My explanatory variables are coded in a way that they can take values -1,0 or 1.
There are different conditions(combinations of input variables) that are more common than others. (f.e. the case [v1=0,v2=0,v3=0,v4=0,v5=0] has 7, the case [-1,-1,1,1,-1] has only one occurrence in the data)
After inspecting the standard errors of the regression summary, I noticed that all the SE's are roughly the same. 
For example:
Variable 1           0.13716
Variable 2           0.13943
Variable 3           0.14018
...
This is the first time that I encountered such similar SE's. I assume it may be related to the low numbers of observations and possible values for each variable. So i might not actually be that unexpected.

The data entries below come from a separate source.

Lemma pingpong_table_gcycle g home away plus minus g' y :
    pingpong_table g home away plus minus ->
  gcycle g g' -> g' <> gone G -> away y -> home (act g' y).
Proof.
case=> t1 t2 t3 t4 [[|n] [->|->]] // _ ay.
- by apply/t3/(act_gpowS_stable t1); rewrite ay orbT.
- have t2' y' : minus y' || away y' -> minus (act (ginv g) y').
    by move=> h; apply: t2; rewrite actVK.
  by apply/t4/(act_gpowS_stable t2'); rewrite ay orbT.
Qed.

Lemma pingpong_table_card g home away plus minus y :
    pingpong_table g home away plus minus -> ~~ plus y -> plus (act g y) ->
  card_ge3 (gcycle g).
Proof.
case=> t1 _ _ _ /negP Py Pgy.
have g1 : g <> gone G by move=> g1; apply: Py; rewrite g1 act1 in Pgy.
exists (gone G), g, (ginv g); split; first by exists 0; left.
split; first by exists 1; left; rewrite gpow1.
split; first by exists 1; right; rewrite gpow1.
split; first by move/esym.
split; first by move/esym; apply: ginv_neq1.
move=> gV; apply: Py; have := t1 (act g y).
by rewrite Pgy -actM [k in gmul _ k]gV gmulVr act1; apply.
Qed.

End PingPongTables.

Lemma pingpong_table_comap (G : AbsGroup) (X : Type) (act : G -> X -> X) (x0 : X) g
    (home away plus minus : pred X) :
    is_action act -> pingpong_table act g home away plus minus ->
  pingpong_table (@gmul G) g (fun x => home (act x x0)) (fun x => away (act x x0))
    (fun x => plus (act x x0)) (fun x => minus (act x x0)).
Proof.
move=> act_action [t1 t2 t3 t4].
by split=> x; rewrite ?(actM act_action); [apply: t1|apply: t2|apply: t3|apply: t4].
Qed.

Section PingPongTableOfPingPong.
Variables (G : AbsGroup) (X : Type) (act : G -> X -> X) (X1 X2 : pred X).
Variables (Gam1 : G -> Prop) (a b c : G).
Hypothesis act_action : is_action act.
Hypothesis Gam1_subgroup : is_subgroup Gam1.
Hypothesis ping1 : forall g, Gam1 g -> g <> gone G -> forall y, X2 y -> X1 (act g y).
Hypotheses (Gam1a : Gam1 a) (Gam1b : Gam1 b).
Hypotheses (a_neq1 : a <> gone G) (b_neq1 : b <> gone G) (ba_neq1 : gmul b a <> gone G).
Hypothesis ping_c : forall y, X1 y -> X2 (act c y).
Hypothesis ping_cV : forall y, X1 y -> X2 (act (ginv c) y).

Let actK := actK act_action.
Let actVK := actVK act_action.
Let actM := actM act_action.

Let ping1V g y : Gam1 g -> g <> gone G -> X2 y -> X1 (act (ginv g) y).
Proof. by move=> Gg g1; apply: ping1; [apply: Gam1_subgroup.2.2 | apply: ginv_neq1]. Qed.

Let Gam1ba : Gam1 (gmul b a).
Proof. exact: Gam1_subgroup.2.1. Qed.

Lemma pingpong_table_of_pingpong :
  pingpong_table act (gmul a (gmul c b)) X1 X2
    (fun y => X1 (act (ginv c) (act (ginv a) y))) (fun y => X1 (act c (act b y))).
Proof.
have actu y : act (gmul a (gmul c b)) y = act a (act c (act b y)) by rewrite !actM.
split=> y.
- rewrite actu !actK => /orP [X1y | X2y]; last exact: ping1.
  have -> : y = act a (act c (act (ginv c) (act (ginv a) y))) by rewrite !actVK.
  by rewrite -actM; apply: ping1 => //; apply: ping_c.
- have -> : act c (act b y) = act (ginv a) (act (gmul a (gmul c b)) y) by rewrite actu actK.
  set w := act _ y; case/orP=> [X1cbw | X2w]; last exact: ping1V.
  rewrite -[w in act _ w](actK b) -[act b w](actK c) -actM -ginvM.
  by apply: ping1V => //; apply: ping_cV.
- move=> X1y; rewrite -[y](actVK a) -[act (ginv a) y](actVK c).
  by apply: ping1 => //; apply: ping_c.
- move=> X1cby; rewrite -[y](actK b) -[act b y](actK c).
  by apply: ping1V => //; apply: ping_cV.
Qed.

End PingPongTableOfPingPong.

But are there any general interpretations for such cases? I was especially asked whether or not it isn't strange for the SE's to be similar if the number of occurrences of conditions differ.
 A: With linear regression, the covariance matrix for the estimated effects is used to extract the standard errors. This has a very simple formula:
$ \text{Cov}(\hat \beta) = \hat \sigma^2 (X^TX)^{-1} $
We have $\hat \sigma^2$ as the scalar estimated residual variance and $X^TX$ is covariance of the predictors multiplied by $n$, the number of samples. We compute the standard errors for each coefficient by simply taking the square root of the diagonal of $\text{Cov}(\hat \beta)$.
How does this relate to your question? Well, if the standard errors of all the regression parameters is very similar, this implies that the entries of the diagonal of $\text{Cov}(\hat \beta)$ are all very close, which is the same as the diagonals of $(X^T X)^{-1}$ being similar values. Why might this happen? One scenario in which this might happen (but not the only one!) is if all the columns of $X$ are very similarly distributed, both in terms of variance of each column and the covariance with other columns. 
At this point, I'm merely speculating about what your data might be, but given that all the variables take on the same values (-1, 0, 1), it seems quite likely that the "similarly distributed predictors" hypothesis is true.